TAGS :Viewed: 14 - Published at: a few seconds ago

[ Pulling text from file with python ]

I have a text file that I am opening in my python code. I want to search through the file and pull out the text that is followed by a specific symbol. For instance my text file name File.txt is:

Hello, this is just a dummy file that has information with no substance at all and I want to pull the information between the dollar sign symbols. So all of this $ in between here should be pulled out so I can do what ever I want to with it $ and the rest of this will be a second group.

Here is a sample of my code:

class FileExtract(object):
    __init__(self):
        pass

    def extractFile(self):
        file = open(File.txt)
        wholeFile = file.read()
        file.close()
        symCount = wholefile.count("$") 
        count = 0 #Will count the each $ as it finds it
        begin = False #determines which the $ has been found and begin to start copying word
        myWant = [] #will add the portion I want
        for word in wholeFile.split():
            while(count != symCount):
                if word != "$" and begin == False:
                    break
                if word == "$" and begin == False:
                    myWant.append(word)
                    begin = True
                    count = count + 1 #it found one of the total symbols
                    break
                elif word != "$" and begin == True:
                    myWant.append(word)
                    break
                elif word == "$" and begin == True:
                    begin = False
                    break
        print myWant

I would like for it to print:

"$ in between here should be pulled out so I can do what ever I want to with it" 
"$ and the rest of this will be a second group."

This is the only way I can think to pull the text out (which I know is horrible, please take it easy Im just learning). The problem is that my way is putting it into a list and I would like for it to just print the string out with spaces, newlines, and all. Any suggestions or other build in functions/methods that I am overlooking that would help me?

Answer 1


s = "Hello, this is just a dummy file that has information with no substance at all and I want to pull the information between the dollar sign symbols. So all of this $ in between here should be pulled out so I can do what ever I want to with it $ and the rest of this will be a second group."

a = s.split("$")[1:]
print a

http://ideone.com/tt9np

Of course, the delimiter won't be in the results, but it'd be trivial to append that yourself.

Answer 2


Well, you could do wholefile.split('$') and then have 3 element list: what's before the first $, the stuff between the $'s, and the stuff after the second $. (and no $'s.)
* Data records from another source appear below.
(* Let $f$, $g$, $\xi$, $F$ satisfy the standing assumptions below (except that $\lim_{x\to0^+}F(x)=+\infty$ is not assumed separately), and let $x$ be the unique continuous solution of $x'(t)=-f(x(t))+g(t)$, $t>0$, $x(0)=\xi$. Suppose that either $f\in\mathrm{RV}_0(\beta)$ for some $\beta>1$ or $f\circ F^{-1}\in\mathrm{RV}_\infty(-1)$; that there exist $\delta>0$ and a function $\phi$ increasing on $(0,\delta)$ with $\lim_{x\to0^+}f(x)/\phi(x)=1$; that $x(t)\to0$ as $t\to\infty$; and that \[ \lim_{t\to\infty}\frac{g(t)}{f(F^{-1}(t))}=L\in[0,\infty]. \] (i) If $L=0$, then $\lim_{t\to\infty}F(x(t))/t=1$. (ii) If $L\in(0,\infty)$, then $\lim_{t\to\infty}F(x(t))/t=\Lambda_*(L)\in(0,1)$, where (I) if $f\in\mathrm{RV}_0(\beta)$ with $\beta>1$, $\Lambda_*$ is the unique solution in $(0,1)$ of $(1-\Lambda_* )\Lambda_*^{-\beta/(\beta-1)}=L$, and (II) if $f\circ F^{-1}\in\mathrm{RV}_\infty(-1)$, $\Lambda_*=1/(1+L)$. (iii) If $L=\infty$, then $\lim_{t\to\infty}F(x(t))/t=0$.
   Context: Standing assumptions: $f\in C(\mathbb{R};\mathbb{R})$ is locally Lipschitz continuous on $\mathbb{R}$, $f(0)=0$ and $xf(x)>0$ for $x\neq0$; $g\in C([0,\infty);\mathbb{R})$ with $g(t)>0$ for $t>0$; $\xi>0$. $F(x)=\int_x^1 \frac{du}{f(u)}$ for $x>0$; $F$ is strictly decreasing with inverse $F^{-1}$, and (as needed for $F^{-1}(t)$ to be defined for all large $t$ and tend to $0$) $F(x)\to+\infty$ as $x\to0^+$. $\mathrm{RV}_0(\beta)$: measurable positive $\varphi$ on $(0,\infty)$ with $\varphi(\lambda x)/\varphi(x)\to\lambda^\beta$ as $x\to0^+$ for every $\lambda>0$. $\mathrm{RV}_\infty(\alpha)$: measurable positive $h$ with $h(\lambda t)/h(t)\to\lambda^\alpha$ as $t\to\infty$ for every $\lambda>0$. *)

From Stdlib Require Import Reals Lra.
Open Scope R_scope.

Definition lim_right0 (phi : R -> R) (l : R) : Prop :=
  forall eps, 0 < eps -> exists d, 0 < d /\
    forall x, 0 < x < d -> Rabs (phi x - l) < eps.

Definition lim_infty (h : R -> R) (l : R) : Prop :=
  forall eps, 0 < eps -> exists T, forall t, T < t -> Rabs (h t - l) < eps.

Definition lim_infty_pinf (h : R -> R) : Prop :=
  forall M, exists T, forall t, T < t -> M < h t.

(* RV_0(beta): positive on (0,oo), phi(lam x)/phi(x) -> lam^beta as x -> 0+.
   (Measurability omitted: all functions to which it is applied here are continuous.) *)
Definition RV0 (beta : R) (phi : R -> R) : Prop :=
  (forall x, 0 < x -> 0 < phi x) /\
  forall lam, 0 < lam -> lim_right0 (fun x => phi (lam * x) / phi x) (Rpower lam beta).

Definition RVinf (alpha : R) (h : R -> R) : Prop :=
  (forall t, 0 < t -> 0 < h t) /\
  forall lam, 0 < lam -> lim_infty (fun t => h (lam * t) / h t) (Rpower lam alpha).

Definition loc_lipschitz (f : R -> R) : Prop :=
  forall a b, exists K, forall u v, a <= u <= b -> a <= v <= b ->
    Rabs (f u - f v) <= K * Rabs (u - v).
Or even print '\n$'.join(wholefile.split('$'))

And as a minimal function:

def extract_file(filename):
    return '\n$'.join(open(filename).read().split('$'))

Answer 3


This is what flex is for. You don't need to use flex to do the same thing in python though.

firstFlag = False
secondFlag = False
outputFile1 = open('first.txt', 'wb')
outputFile2 = open('second.txt', 'wb')
yourFile = open('thefile.txt', 'rb')
while True:
    char = yourFile.read(1)
    if not char:
        break
    if char == '$'
        if firstFlag:
            secondFlag = True
        firstFlag = True
    if firstFlag and not secondFlag:
        outputFile1.write(data)
    elif secondFlag:
        outputFile2.write(data)

Since this isn't native C code, it won't be exactly fast. I'd suggest you take a look at flex not just for the handy tool, but also for the learning experience.

The above code in flex:

%option 8bit outfile="scanner.c"
%option nounput nomain noyywrap
%option warn

%x First
%x Second
%%

. { ECHO; }
\$ { BEGIN First; yyout = fopen("first.txt", "wb"); }
<First>\$ { BEGIN Second; fclose(yyout); yyout = fopen("second.txt", "wb");}
<First>. { ECHO; }
<Second>. { ECHO; }

%%

The dot commands send each character to yyout, which starts pointing to stdout. To compile this:

flex -Cf scanner.l 
gcc -O -o flexer.exe scanner.c

It will take it's input from stdin.

Answer 4


It's actually quite simple. Without using split nor storing the results in a list:

def extractFile(self):
    file = open(File.txt)
    wholeFile = file.read()
    file.close()

    pos = wholeFile.find("$")
    while pos > 0:
        pos2 = wholeFile.find("$")

        if pos2 > 0:
            print wholeFile[pos:pos2]
        else:
            print wholeFile[pos:]
        pos = pos2